I've been doing Slimming World since the beginning of September 2015. My weight loss has gone well until Christmas time. I seem to have plateaued since then and from December until now, I have put on 2lbs, lost 1lb, lost 1/2lb, put on 1 1/2lbs, lost 2lbs...you get where I'm coming from. I have around a stone to go (I say around as it depends whether I'm + or - the 2lbs in any given week) and it seems that I just can't lose any more. I know, deep down, that's rubbish and clearly I can but I'm just not sure how. I don't eat badly but I do very little exercise (unless you count walking to the school and back) due to my research. I know that's due to change once I submit my thesis but in the meantime, I sit at a PC nearly all day. Awful really.
The consequence of staying at the weight I am now is that I've lost a lot of the interest I had in going to Slimming World. Don't get me wrong, I've lost 2 stone (well, nearly given the plus and minus weeks!) and that's fantastic. My figure is 10 times better than it was last year and my health has improved (I don't take my asthma inhaler anything like as much) and I'm not so tired anymore. Lugging around that extra 2 stone was hard work! It's just that I'm frustrated that I can't shift this last stone. I felt like giving up.
Then I looked at a picture of me last year just before I began my SW journey (and the picture that actually prompted me to sign up) and one from last month when we were on holiday. It gave me the motivation to carry on. Here are the two photos.

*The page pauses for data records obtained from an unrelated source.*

(* In the setting of the context, define functors $\bar Q,\bar Q':\mathcal A\to\mathcal B$ by the equalizers $q:\bar Q\to PC$ of $(\theta^lP)\circ(Pi)$ and $(\theta^rP)\circ(Pi)$ (both $PC\to SPQP$), and $q':\bar Q'\to DP$ of $(P\omega^l)\circ(jP)$ and $(P\omega^r)\circ(jP)$ (both $DP\to PQPR$). Then (1) $\bar Q$ and $\bar Q'$ are naturally isomorphic; they can be chosen equal with $(jP)\circ q'=(Pi)\circ q$; and (2) $\bar Q$ carries the structure of a $\mathbb D$-$\mathbb C$ bicomodule functor, with right $\mathbb C$-coaction $\bar c$ determined by $(qC)\circ\bar c=(P\Delta^C)\circ q$ and left $\mathbb D$-coaction $\bar d$ determined by $(Dq')\circ\bar d=(\Delta^DP)\circ q'$.
   Context: Setting: $\mathcal A,\mathcal B$ categories with equalizers; equalizer-preserving functors $P:\mathcal A\to\mathcal B$, $Q:\mathcal B\to\mathcal A$, $R:\mathcal A\to\mathcal A$, $S:\mathcal B\to\mathcal B$; natural $r:\mathcal A\to R$, $s:\mathcal B\to S$, $w:QP\to R$, $z:PQ\to S$, $\tau:Q\to QPQ$ with (i) $r$ the equalizer of $rR,Rr$ and $s$ the equalizer of $sS,Ss$; (ii) $(QP\tau)\circ\tau=(\tau PQ)\circ\tau$; (iii) $(Qz)\circ\tau=Qs$, $(wQ)\circ\tau=rQ$. ($\circ$ vertical, juxtaposition horizontal composition; functor names denote identity transformations.) $\omega^l:=(QPw)\circ(\tau P)$, $\omega^r:=QPr$, $(C,i)$ their equalizer; $\theta^l:=(zPQ)\circ(P\tau)$, $\theta^r:=sPQ$, $(D,j)$ their equalizer. $\mathbb C=(C,\Delta^C,\varepsilon^C)$ is the comonad on $\mathcal A$ with $(QPi)\circ(iC)\circ\Delta^C=(\tau P)\circ i$, $r\circ\varepsilon^C=w\circ i$; $\mathbb D=(D,\Delta^D,\varepsilon^D)$ the comonad on $\mathcal B$ with $(PQj)\circ(jD)\circ\Delta^D=(P\tau)\circ j$, $s\circ\varepsilon^D=z\circ j$. A $\mathbb D$-$\mathbb C$ bicomodule functor $\bar Q:\mathcal A\to\mathcal B$ has a left $\mathbb D$-coaction $\bar Q\to D\bar Q$ and a right $\mathbb C$-coaction $\bar Q\to\bar QC$, each counital and coassociative, which commute. *)

Set Implicit Arguments.
Unset Strict Implicit.

Record Category := {
  Ob :> Type;
  Hom : Ob -> Ob -> Type;
  comp : forall x y z : Ob, Hom y z -> Hom x y -> Hom x z;
  idm : forall a : Ob, Hom a a;
  comp_assoc : forall a b c d (f : Hom a b) (g : Hom b c) (h : Hom c d),
      comp h (comp g f) = comp (comp h g) f;
  comp_id_l : forall a b (f : Hom a b), comp (idm b) f = f;
  comp_id_r : forall a b (f : Hom a b), comp f (idm a) = f
}.
Arguments Hom {_} _ _.
Arguments comp {_ _ _ _} _ _.
Arguments idm {_} _.

Notation "g ∘ f" := (comp g f) (at level 40, left associativity).

Record Functor (C D : Category) := {
  fobj :> Ob C -> Ob D;
  fmap : forall a b : Ob C, Hom a b -> Hom (fobj a) (fobj b);
  fmap_id : forall a, fmap (idm a) = idm (fobj a);
  fmap_comp : forall a b c (f : Hom a b) (g : Hom b c),
      fmap (g ∘ f) = fmap g ∘ fmap f
}.
Arguments fmap {_ _} _ {_ _} _.

Definition IdF (C : Category) : Functor C C.
Proof.
  refine {| fobj := fun a => a; fmap := fun a b f => f |}; reflexivity.
Defined.

Definition FComp {C D E : Category} (G : Functor D E) (F : Functor C D)
  : Functor C E.
Proof.
  refine {| fobj := fun a => G (F a); fmap := fun a b f => fmap G (fmap F f) |}.
  - intro a; rewrite !fmap_id; reflexivity.
  - intros a b c f g; rewrite !fmap_comp; reflexivity.
Defined.

Record NatTrans {C D : Category} (F G : Functor C D) := {
  ntc :> forall a : Ob C, Hom (F a) (G a);
  naturality : forall a b (f : Hom a b), ntc b ∘ fmap F f = fmap G f ∘ ntc a
}.

Definition IsEqualizer {C : Category} {E X Y : Ob C}
    (e : Hom E X) (f g : Hom X Y) : Prop :=
  f ∘ e = g ∘ e /\
  forall (Z : Ob C) (h : Hom Z X), f ∘ h = g ∘ h -> exists! u : Hom Z E, e ∘ u = h.

Definition HasEqualizers (C : Category) : Prop :=
  forall (X Y : Ob C) (f g : Hom X Y), exists (E : Ob C) (e : Hom E X), IsEqualizer e f g.

Definition PreservesEqualizers {C D : Category} (F : Functor C D) : Prop :=
  forall (E X Y : Ob C) (e : Hom E X) (f g : Hom X Y),
    IsEqualizer e f g -> IsEqualizer (fmap F e) (fmap F f) (fmap F g).

Definition IsIso {C : Category} {X Y : Ob C} (f : Hom X Y) : Prop :=
  exists g : Hom Y X, g ∘ f = idm X /\ f ∘ g = idm Y.

Definition IsComonad {C : Category} (K : Functor C C)
    (Δ : NatTrans K (FComp K K)) (ε : NatTrans K (IdF C)) : Prop :=
  (forall X, ε (K X) ∘ Δ X = idm (K X)) /\
  (forall X, fmap K (ε X) ∘ Δ X = idm (K X)) /\
  (forall X, Δ (K X) ∘ Δ X = fmap K (Δ X) ∘ Δ X).

Definition IsRightCoaction {A B : Category} (K : Functor A A)
    (Δ : NatTrans K (FComp K K)) (ε : NatTrans K (IdF A))
    (F : Functor A B) (ρ : NatTrans F (FComp F K)) : Prop :=
  (forall X, fmap F (ε X) ∘ ρ X = idm (F X)) /\
  (forall X, ρ (K X) ∘ ρ X = fmap F (Δ X) ∘ ρ X).

Definition IsLeftCoaction {A B : Category} (L : Functor B B)
    (Δ : NatTrans L (FComp L L)) (ε : NatTrans L (IdF B))
    (F : Functor A B) (λ : NatTrans F (FComp L F)) : Prop :=
  (forall X, ε (F X) ∘ λ X = idm (F X)) /\
  (forall X, fmap L (λ X) ∘ λ X = Δ (F X) ∘ λ X).

Definition IsBicomodule {A B : Category}
    (L : Functor B B) (ΔL : NatTrans L (FComp L L)) (εL : NatTrans L (IdF B))
    (K : Functor A A) (ΔK : NatTrans K (FComp K K)) (εK : NatTrans K (IdF A))
    (F : Functor A B) (λ : NatTrans F (FComp L F)) (ρ : NatTrans F (FComp F K))
    : Prop :=
  IsLeftCoaction ΔL εL λ /\ IsRightCoaction ΔK εK ρ /\
  (forall X, λ (K X) ∘ ρ X = fmap L (ρ X) ∘ λ X).

From Stdlib Require Import ClassicalEpsilon.
Set Implicit Arguments.
Unset Strict Implicit.

(* Both [Qb] and [Qb'] are the intersection, inside [P Q P], of the subobject
   [P C] (embedded by [P i], again an equalizer because [P] preserves them) and
   the subobject [D P] (embedded by [j P]); equalizing two pairs in either order
   gives the same subobject, whence the isomorphism.  The right coaction is
   [P ΔC] restricted along [q : Qb -> P C] and the left coaction is [ΔD P]
   restricted along [q' : Qb' -> D P]; they exist because [ω^l, ω^r, θ^l, θ^r]
   commute with [τ] by the coassociativity condition (ii), and they satisfy the
   comodule laws because [Qb] sits inside the cofree comodules [P C] and [D P].
   Seen inside [P Q P], both coactions are restrictions of [P τ P], so they
   commute, again by (ii). *)

Lemma eq_comp_r2 {C : Category} {a b c d : Ob C}
    (f : Hom b c) (g : Hom a b) (k : Hom a c) :
  f ∘ g = k -> forall h : Hom d a, f ∘ (g ∘ h) = k ∘ h.
Proof. intros E h. rewrite comp_assoc, E. reflexivity. Qed.

Lemma eq_comp_r3 {C : Category} {a b c d e : Ob C}
    (f : Hom c d) (g : Hom b c) (k : Hom a b) (m : Hom a d) :
  f ∘ (g ∘ k) = m -> forall h : Hom e a, f ∘ (g ∘ (k ∘ h)) = m ∘ h.
Proof. intros E h. rewrite <- E, !comp_assoc. reflexivity. Qed.

Ltac comp_normalize :=
  cbn [fobj fmap FComp IdF];
  repeat rewrite fmap_comp; repeat rewrite fmap_id;
  repeat rewrite comp_id_l; repeat rewrite comp_id_r;
  repeat rewrite <- comp_assoc.

(* Rewrites with an equation between composites anywhere inside a composite,
   working in right-associated normal form. *)
Ltac rewrite_assoc_with E :=
  let H := fresh "H" in
  pose proof E as H; cbn [fobj fmap FComp IdF] in H;
  repeat rewrite fmap_comp in H; repeat rewrite <- comp_assoc in H;
  comp_normalize;
  first [ rewrite (eq_comp_r3 H) | rewrite (eq_comp_r2 H) | rewrite H ];
  clear H; comp_normalize.

Tactic Notation "rewrite_assoc" constr(E) := rewrite_assoc_with E.
Tactic Notation "rewrite_assoc" "<-" constr(E) := rewrite_assoc_with (eq_sym E).

Section Equalizers.
Context {C : Category}.

Definition Monic {X Y : Ob C} (m : Hom X Y) : Prop :=
  forall Z (u v : Hom Z X), m ∘ u = m ∘ v -> u = v.

Lemma monic_comp {X Y Z : Ob C} (g : Hom Y Z) (f : Hom X Y) :
  Monic g -> Monic f -> Monic (g ∘ f).
Proof.
  intros hg hf W u v E. apply hf, hg. rewrite !comp_assoc. exact E.
Qed.

Lemma equalizer_monic {E X Y : Ob C} (e : Hom E X) (f g : Hom X Y) :
  IsEqualizer e f g -> Monic e.
Proof.
  intros [he univ] Z u v Huv.
  destruct (univ Z (e ∘ u)) as [k [_ Hk]].
  { rewrite !comp_assoc, he; reflexivity. }
  transitivity k; [symmetry|]; apply Hk; auto.
Qed.

Lemma equalizer_factor {E X Y Z : Ob C} (e : Hom E X) (f g : Hom X Y) (h : Hom Z X) :
  IsEqualizer e f g -> f ∘ h = g ∘ h -> {u : Hom Z E | e ∘ u = h}.
Proof.
  intros [_ univ] Hh. apply constructive_indefinite_description.
  destruct (univ Z h Hh) as [u [Hu _]]. exists u; exact Hu.
Qed.

Lemma equalizer_comp_iso {E E' X Y : Ob C} (e : Hom E X) (f g : Hom X Y) (p : Hom E' E) :
  IsEqualizer e f g -> IsIso p -> IsEqualizer (e ∘ p) f g.
Proof.
  intros [he univ] [p' [Hp1 Hp2]]. split.
  - rewrite !comp_assoc, he; reflexivity.
  - intros Z h Hh. destruct (univ Z h Hh) as [u [Hu Hu']].
    exists (p' ∘ u). split.
    + rewrite <- comp_assoc, (comp_assoc u p' p), Hp2, comp_id_l; exact Hu.
    + intros v Hv. rewrite (Hu' (p ∘ v)).
      * rewrite comp_assoc, Hp1, comp_id_l; reflexivity.
      * rewrite comp_assoc; exact Hv.
Qed.

(* Equalizing [(f1, g1)] and then [(f2, g2)] gives the same subobject as
   doing it in the other order. *)
Lemma equalizer_intersection_factor {X Y1 Y2 E1 E2 M M' : Ob C}
  {e1 : Hom E1 X} {f1 g1 : Hom X Y1} {e2 : Hom E2 X} {f2 g2 : Hom X Y2}
  {m : Hom M E1} {m' : Hom M' E2}
  (he1 : IsEqualizer e1 f1 g1) (he2 : IsEqualizer e2 f2 g2)
  (hm : IsEqualizer m (f2 ∘ e1) (g2 ∘ e1)) (hm' : IsEqualizer m' (f1 ∘ e2) (g1 ∘ e2)) :
  {φ : Hom M M' | e2 ∘ m' ∘ φ = e1 ∘ m}.
Proof.
  destruct (equalizer_factor he2 (h := e1 ∘ m)) as [v Hv].
  { rewrite !comp_assoc. apply hm. }
  destruct (equalizer_factor hm' (h := v)) as [φ Hφ].
  { rewrite <- !comp_assoc, Hv, !comp_assoc, (proj1 he1). reflexivity. }
  exists φ. rewrite <- comp_assoc, Hφ. exact Hv.
Qed.

Lemma equalizer_intersection_iso {X Y1 Y2 E1 E2 M M' : Ob C}
  {e1 : Hom E1 X} {f1 g1 : Hom X Y1} {e2 : Hom E2 X} {f2 g2 : Hom X Y2}
  {m : Hom M E1} {m' : Hom M' E2}
  (he1 : IsEqualizer e1 f1 g1) (he2 : IsEqualizer e2 f2 g2)
  (hm : IsEqualizer m (f2 ∘ e1) (g2 ∘ e1)) (hm' : IsEqualizer m' (f1 ∘ e2) (g1 ∘ e2))
  (φ : Hom M M') : e2 ∘ m' ∘ φ = e1 ∘ m -> IsIso φ.
Proof.
  intros Hφ.
  destruct (equalizer_intersection_factor he2 he1 hm' hm) as [ψ Hψ].
  assert (mono1 : Monic (e1 ∘ m))
    by (apply monic_comp; eapply equalizer_monic; eassumption).
  assert (mono2 : Monic (e2 ∘ m'))
    by (apply monic_comp; eapply equalizer_monic; eassumption).
  exists ψ; split.
  - apply mono1. rewrite comp_id_r, comp_assoc, Hψ. exact Hφ.
  - apply mono2. rewrite comp_id_r, comp_assoc, Hφ. exact Hψ.
Qed.

End Equalizers.

Definition Natural {C D : Category} (F G : Functor C D)
    (α : forall X, Hom (F X) (G X)) : Prop :=
  forall a b (f : Hom a b), α b ∘ fmap F f = fmap G f ∘ α a.
Arguments Natural {C D} F G α.

Section Naturality.
Context {C D E : Category}.

Lemma natural_comp {F G H : Functor C D}
    (β : forall X, Hom (G X) (H X)) (α : forall X, Hom (F X) (G X)) :
  Natural G H β -> Natural F G α -> Natural F H (fun X => β X ∘ α X).
Proof.
  intros hβ hα a b f. rewrite <- comp_assoc, hα, comp_assoc, hβ, comp_assoc.
  reflexivity.
Qed.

I never, ever, want to go back to that person on the left, trying to hide my fat behind one of my children. I love being the person on the right who can wear a nice summer dress without lumps and bumps sticking out everywhere and having to keep reminding myself to try and suck my stomach in.
I think I may pin the pictures onto my fridge! So, I'm going to keep going and I will lose that final stone. Watch this space.